Recent decisions by the Federal Communications Commission (FCC), the U.S. Court of Appeals, and the U.S. Supreme Court have paved the way for a new era of information and telecommunications services.

At this juncture, it is critical for a cable/telco regulatory framework to be put in place. Municipal officials are encouraged to contact their representatives regarding the following cable legislation:

House

Reps. Dennis Eckart (D-OH), Jim Cooper (D-TN) and Christopher Shays (R-CT) still need cosponsors for H.R. 3560, the "Cable Consumer Protection Act of 1991."

Local government representatives have been working closely with Congressional staff to create this municipally-based alternative to current calbe legislation, and now our help is needed to see that it remains viable.

The Eckart-Cooper bill would give cities more control over their cable services and rates. The legislation would allow for local regulation of the basic tier which is defined as local broadcast signals, PEG channels and "any other programming service (except those non-advertiser supported programming services offered on a per channel or per program basis)>"

Interested Congressional Members should contact the offices of Reps.
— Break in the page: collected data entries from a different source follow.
(* Let $A=\mathrm{diag}(\mathbf{a})$ with $\mathbf{a}\in\mathbb{R}^n$, $\beta>0$, and $f(\mathbf{z})=\frac12\mathbf{z}^*A\mathbf{z}+\frac{\beta}{2}\sum_k|z_k|^4$ on $\mathbb{CS}^{n-1}$. Then the KL exponent of $\min_{\mathbf{z}\in\mathbb{CS}^{n-1}}f(\mathbf{z})$ is $\frac14$.
   Context: $\mathbb{CS}^{n-1}$ is the unit sphere of $\mathbb{C}^n$. For $\mathbf{y}\in\mathbb{CS}^{n-1}$ let $\lambda(\mathbf{y})=\frac12\mathbf{y}^*A\mathbf{y}+\beta\|\mathbf{y}\|_4^4$ and $\|\mathrm{grad} f(\mathbf{y})\|=\sqrt2\,\big\|\frac12A\mathbf{y}+\beta\,\mathrm{diag}(|y_1|^2,\dots,|y_n|^2)\mathbf{y}-\lambda(\mathbf{y})\mathbf{y}\big\|_2$ (norm of the Riemannian Wirtinger gradient). $\mathbf{z}$ is a stationary point if $\mathrm{grad} f(\mathbf{z})=0$. The Łojasiewicz inequality with exponent $\theta\in(0,\frac12]$ holds at a stationary point $\mathbf{z}$ if there are $\delta_{\mathbf{z}},\eta_{\mathbf{z}}>0$ with $|f(\mathbf{y})-f(\mathbf{z})|^{1-\theta}\le\eta_{\mathbf{z}}\|\mathrm{grad} f(\mathbf{y})\|$ for all $\mathbf{y}\in\mathbb{CS}^{n-1}$ with $\|\mathbf{y}-\mathbf{z}\|<\delta_{\mathbf{z}}$. The KL exponent of the problem is the largest $\theta\in(0,\frac12]$ such that this inequality holds at every stationary point. *)

From HB Require Import structures.
From mathcomp Require Import all_boot all_order all_algebra.
From mathcomp Require Import complex.
From mathcomp Require Import reals exp.

Set Implicit Arguments.
Unset Strict Implicit.
Unset Printing Implicit Defensive.
Import Order.TTheory GRing.Theory Num.Theory.
Local Open Scope ring_scope.

Section Defs.
Variables (R : realType) (n : nat).

Definition cabs2 (w : R[i]) : R := (complex.Re w) ^+ 2 + (complex.Im w) ^+ 2.

Definition cnorm (y : 'I_n -> R[i]) : R := Num.sqrt (\sum_k cabs2 (y k)).

Definition on_sphere (y : 'I_n -> R[i]) : Prop := \sum_k cabs2 (y k) = 1.

Definition fobj (a : 'I_n -> R) (beta : R) (y : 'I_n -> R[i]) : R :=
  2^-1 * (\sum_k a k * cabs2 (y k)) + beta / 2 * (\sum_k (cabs2 (y k)) ^+ 2).

Definition lam (a : 'I_n -> R) (beta : R) (y : 'I_n -> R[i]) : R :=
  2^-1 * (\sum_k a k * cabs2 (y k)) + beta * (\sum_k (cabs2 (y k)) ^+ 2).

Definition gvec (a : 'I_n -> R) (beta : R) (y : 'I_n -> R[i]) : 'I_n -> R[i] :=
  fun k => (((2^-1 * a k)%:C)%C + ((beta * cabs2 (y k))%:C)%C - ((lam a beta y)%:C)%C) * y k.

(* norm of the Riemannian Wirtinger gradient: sqrt 2 * || gvec || *)
Definition gradnorm (a : 'I_n -> R) (beta : R) (y : 'I_n -> R[i]) : R :=
  Num.sqrt 2 * cnorm (gvec a beta y).

Definition stationary (a : 'I_n -> R) (beta : R) (z : 'I_n -> R[i]) : Prop :=
  on_sphere z /\ forall k, gvec a beta z k = 0.

Definition KL_at (a : 'I_n -> R) (beta : R) (z : 'I_n -> R[i]) (theta : R) : Prop :=
  exists delta eta : R, 0 < delta /\ 0 < eta /\
    forall y : 'I_n -> R[i], on_sphere y ->
      cnorm (fun k => y k - z k) < delta ->
      `|fobj a beta y - fobj a beta z| `^ (1 - theta) <= eta * gradnorm a beta y.

Definition KL_valid (a : 'I_n -> R) (beta : R) (theta : R) : Prop :=
  0 < theta <= 2^-1 /\ forall z, stationary a beta z -> KL_at a beta z theta.

Definition KL_exponent_is (a : 'I_n -> R) (beta : R) (theta : R) : Prop :=
  KL_valid a beta theta /\ forall theta', KL_valid a beta theta' -> theta' <= theta.

End Defs.

(* Everything depends on [y] only through [p k = |y k|^2], a point of the
   probability simplex: [fobj] is [fobj_p p], [gvec y k = gap p k * y k] and
   [gradnorm y ^ 2 = 2 * gnorm2_p p = 2 * \sum_k gap p k ^ 2 * p k].
   Near a stationary [ps] (whose gap vanishes on its support) write [p = ps + d].
   Off the support, the coordinates where [gap ps] is nonzero carry a mass
   [tau1 = O(V)]; on the support [p] is bounded below, so the gap there is
   [O(sqrt V)]; the remaining degenerate coordinates carry a mass [tau0] with
   only [tau0 ^ 3 = O(V)], because their gap is of the order of the whole
   off-support mass.  Since [f y - f z = \sum_k gap ps k * p k + b / 2 * |d|^2
   = O(V + tau0 ^ 2)], we get [|f y - f z| ^ 3 = O(V ^ 2)], i.e. exponent 1/4.
   For [a = (0, 2b, ..., 2b)] the curve [p = (1 - t, t, 0, ...)] leaves the
   stationary point [e_1] with [f - f e_1 = b t^2] and [V = 4 b^2 t^3 (1 - t)],
   so no exponent above 1/4 is valid. *)

From HB Require Import structures.
From mathcomp Require Import all_boot all_order all_algebra.
From mathcomp Require Import complex.
From mathcomp Require Import reals exp.
From mathcomp Require Import ring lra.

Set Implicit Arguments.
Unset Strict Implicit.
Unset Printing Implicit Defensive.
Import Order.TTheory GRing.Theory Num.Theory.
Local Open Scope ring_scope.

Section FiniteSums.
Variables (R : realFieldType) (I : finType).
Implicit Types (P Q : pred I) (F G : I -> R).

Lemma ler_term_sum P F j :
  (forall i, P i -> 0 <= F i) -> P j -> F j <= \sum_(i | P i) F i.
Proof.
move=> F_ge0 Pj; rewrite (bigD1 j) //= lerDl.
by apply: sumr_ge0 => i /andP[Pi _]; apply: F_ge0.
Qed.

Lemma ler_sum_sub P Q F :
  (forall i, Q i -> 0 <= F i) -> (forall i, P i -> Q i) ->
  \sum_(i | P i) F i <= \sum_(i | Q i) F i.
Proof.
move=> F_ge0 PQ; rewrite [leRHS](bigID P) /=.
rewrite [X in _ <= X + _](eq_bigl P) => [|i]; last first.
  by case Pi: (P i); rewrite ?andbT ?andbF ?PQ.
by rewrite lerDl; apply: sumr_ge0 => i /andP[Qi _]; apply: F_ge0.
Qed.

Lemma sqr_sum_mul_le P F G :
  (\sum_(i | P i) F i * G i) ^+ 2 <=
  (\sum_(i | P i) F i ^+ 2) * \sum_(i | P i) G i ^+ 2.
Proof.
rewrite -subr_ge0 expr2 !big_distrlr /=.
set A := \sum_(i | P i) _; set B := \sum_(i | P i) _.
suff E : \sum_(i | P i) \sum_(j | P j) (F i * G j - F j * G i) ^+ 2 = 2 * (A - B).
  rewrite -(@pmulr_rge0 _ 2) // -E.
  by apply: sumr_ge0 => i _; apply: sumr_ge0 => j _; apply: sqr_ge0.
have AC : A = \sum_(i | P i) \sum_(j | P j) F j ^+ 2 * G i ^+ 2.
  by rewrite /A exchange_big.
rewrite mulr2n mulrDl mul1r {2}AC /A /B -!sumrB -!big_split /=.
apply: eq_bigr => i _; rewrite -!sumrB -!big_split /=.
by apply: eq_bigr => j _; ring.
Qed.

Lemma exists_pos_lbound P F :
  (forall i, P i -> 0 < F i) -> exists2 m, 0 < m & forall i, P i -> m <= F i.
Proof.
move=> F_gt0; pose s := \sum_(i | P i) (F i)^-1.
have s_ge0 : 0 <= s by apply: sumr_ge0 => i Pi; rewrite invr_ge0 ltW ?F_gt0.
exists (1 + s)^-1 => [|i Pi]; first by rewrite invr_gt0; lra.
rewrite -[F i]invrK lef_pV2 ?posrE ?invr_gt0 ?F_gt0 //; last lra.
have Fi_le_s : (F i)^-1 <= s.
  by apply: ler_term_sum Pi => j Pj; rewrite invr_ge0 ltW ?F_gt0.
lra.
Qed.
End FiniteSums.

Lemma expr3_le_of_bound (R : realFieldType) (x A B t C V Vb : R) :
  0 <= x -> 0 <= A -> 0 <= B -> 0 <= t -> 0 <= V <= Vb ->
  x <= A * V + B * t ^+ 2 -> t ^+ 3 <= C * V ->
  x ^+ 3 <= 4 * (A ^+ 3 * Vb + B ^+ 3 * C ^+ 2) * V ^+ 2.
Proof.
move=> x_ge0 A_ge0 B_ge0 t_ge0 /andP[V_ge0 V_le] x_le t3_le.
have AV_ge0 : 0 <= A * V by apply: mulr_ge0.
have Bt_ge0 : 0 <= B * t ^+ 2 by apply: mulr_ge0; rewrite ?sqr_ge0.
have cube_sum (u v : R) : 0 <= u -> 0 <= v -> (u + v) ^+ 3 <= 4 * (u ^+ 3 + v ^+ 3).
  move=> u_ge0 v_ge0; have : 0 <= (u + v) * (u - v) ^+ 2 by rewrite mulr_ge0 ?sqr_ge0 ?addr_ge0.
  have -> : 4 * (u ^+ 3 + v ^+ 3) = (u + v) ^+ 3 + 3 * ((u + v) * (u - v) ^+ 2) by ring.
  lra.
have V3 : V ^+ 3 <= Vb * V ^+ 2 by rewrite exprS ler_wpM2r ?sqr_ge0.
have t6 : (t ^+ 2) ^+ 3 <= C ^+ 2 * V ^+ 2.
  rewrite -exprM mulnC exprM -exprMn lerXn2r ?nnegrE ?exprn_ge0 //.
  by apply: le_trans t3_le; rewrite exprn_ge0.
have A3 : (A * V) ^+ 3 <= A ^+ 3 * Vb * V ^+ 2.
  by rewrite exprMn -mulrA ler_wpM2l ?exprn_ge0.
have B3 : (B * t ^+ 2) ^+ 3 <= B ^+ 3 * C ^+ 2 * V ^+ 2.
  by rewrite exprMn -mulrA ler_wpM2l ?exprn_ge0.
have x3 : x ^+ 3 <= (A * V + B * t ^+ 2) ^+ 3 by rewrite lerXn2r ?nnegrE ?addr_ge0.
have := cube_sum _ _ AV_ge0 Bt_ge0; lra.
Qed.

Section SimplexModel.
Variables (R : realFieldType) (I : finType) (a : I -> R) (b : R).
Implicit Types p : I -> R.

Definition fobj_p p := 2^-1 * (\sum_k a k * p k) + b / 2 * (\sum_k p k ^+ 2).
Definition lam_p p := 2^-1 * (\sum_k a k * p k) + b * (\sum_k p k ^+ 2).
Definition gap p k := 2^-1 * a k + b * p k - lam_p p.
Definition gnorm2_p p := \sum_k gap p k ^+ 2 * p k.

Lemma lam_pE p : lam_p p = \sum_k p k * (2^-1 * a k + b * p k).
Proof. by rewrite /lam_p !mulr_sumr -big_split; apply: eq_bigr => k _ /=; ring. Qed.

Lemma gnorm2_p_ge0 p : (forall k, 0 <= p k) -> 0 <= gnorm2_p p.
Proof. by move=> p_ge0; apply: sumr_ge0 => k _; rewrite mulr_ge0 ?sqr_ge0. Qed.

End SimplexModel.

Section LocalKL.
Variables (R : realFieldType) (I : finType) (a : I -> R) (b : R) (ps : I -> R).
Variables (m hm : R).
Let S : pred I := fun k => ps k != 0.
Let h := gap a b ps.
Hypotheses (b_gt0 : 0 < b) (ps_sum1 : \sum_k ps k = 1).
Hypothesis gap_supp : forall k, S k -> h k = 0.
Hypotheses (m_gt0 : 0 < m) (ps_lb : forall k, S k -> m <= ps k).
Hypotheses (hm_gt0 : 0 < hm) (gap_lb : forall k, h k != 0 -> hm <= `|h k|).

Let Hs : R := \sum_k `|h k|.
Let c : R := \sum_(k | S k) 1.
(* [delta] keeps [p] above [m / 2] on the support of [ps] and keeps the
   perturbation [r] of the gap below [hm / 2] (see [r_le]). *)
Let delta := Num.min (m / 2) (hm / (2 * (2 * b + Hs))).

Let Hs_ge_gap k : `|h k| <= Hs.
Proof. exact: ler_term_sum. Qed.

Let Hs_ge0 : 0 <= Hs.
Proof. by apply: sumr_ge0 => k _; apply: normr_ge0. Qed.

Let supp_ne : exists j, S j.
Proof.
have [j Sj | S0] := pickP S; first by exists j.
have : \sum_k ps k = 0 by apply: big1 => k _; apply/eqP/negbFE/S0.
by rewrite ps_sum1 => /eqP; rewrite oner_eq0.
Qed.

Let c_ge1 : 1 <= c.
Proof. by have [j Sj] := supp_ne; apply: (ler_term_sum (F := fun _ => 1)) Sj. Qed.

Let delta_gt0 : 0 < delta.
Proof. by rewrite lt_min !divr_gt0 //; have := Hs_ge0; have := b_gt0; lra. Qed.

Let delta_le_m : delta <= m / 2.
Proof. by rewrite ge_min lexx. Qed.

Let delta_le_hm : (2 * b + Hs) * delta <= hm / 2.
Proof.
have : delta <= hm / (2 * (2 * b + Hs)) by rewrite ge_min lexx orbT.
by rewrite ler_pdivlMr; have := Hs_ge0; have := b_gt0; lra.
Qed.

Let A : R := (Hs + 5 * b) * (4 / hm ^+ 2) + (1 + 2 * c) / b * (2 / m).
Let C : R := 2 / b ^+ 2 * (c ^+ 2 + c * (2 / m)).
Let K : R := 4 * (A ^+ 3 * (Hs + hm) ^+ 2 + (5 * b) ^+ 3 * C ^+ 2).

Let A_ge0 : 0 <= A.
Proof.
have hm_inv : 0 <= 4 / hm ^+ 2 by rewrite divr_ge0 ?exprn_ge0 ?ltW.
have m_inv : 0 <= 2 / m by rewrite divr_ge0 ?ltW.
have c_b : 0 <= (1 + 2 * c) / b by rewrite divr_ge0 ?ltW //; have := c_ge1; lra.
have Hs_b : 0 <= Hs + 5 * b by have := Hs_ge0; have := b_gt0; lra.
by apply: addr_ge0; apply: mulr_ge0.
Qed.

Let K_ge0 : 0 <= K.
Proof.
have b5_ge0 : 0 <= 5 * b by rewrite mulr_ge0 ?ltW.
by apply: mulr_ge0 => //; apply: addr_ge0; apply: mulr_ge0; rewrite ?sqr_ge0 ?exprn_ge0.
Qed.

Section Near.
Variable p : I -> R.
Hypotheses (p_ge0 : forall k, 0 <= p k) (p_sum1 : \sum_k p k = 1).
Hypothesis p_near : forall k, `|p k - ps k| <= delta.

Let d k := p k - ps k.
Let eps := lam_p a b p - lam_p a b ps.
Let r k := b * d k - eps.
Let V := gnorm2_p a b p.
Let tau := \sum_(k | ~~ S k) p k.
Let tau0 := \sum_(k | ~~ S k && (h k == 0)) p k.
Let tau1 := \sum_(k | h k != 0) p k.
Let X := \sum_(k | S k) r k ^+ 2.
Let s := \sum_(k | S k) r k.

Let p_off_supp k : ~~ S k -> p k = d k.
Proof. by move=> /negPn /eqP ps0; rewrite /d ps0 subr0. Qed.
Eckart, Cooper or Shays to join as a cosponsor.

Senate

Although there is no firm word on when S.12--the "Cable Television Consumer Protection Act of 1991"--will reach the Senate floor, it could be in the next few weeks. Senators Jack Danforth (R-MO), Danniel Inouye (D-HI) and Slade Gorton (R-WA), along with representatives from the Consumer Federation of America, National Association Broadcasters and labor unions, held a press conference Thursday to discuss S.12.

NLC, together with USCM, NACo and NATOA, sent a letter to the entire Membership of the Senate stating that S.12 "represents an important step toward correcting the serious inadequacies in the current (cable) law."

The Senate's bill will allow for local regulation where there is no effective competition, discourages re-tiering of cable programming and requires operators to carry local broadcast signals. The cable industry will undoubtedly be renewing its attack on these provisions.

Local government representatives in Washington are working with Senate staff on amendments to S.12 that would provide more municipal control and better consumer protection. Copies of these amendments and a draft letter to your Senate representative in support of the cable bill is available through Anna Ferrera at NLC - (202) 626-3020.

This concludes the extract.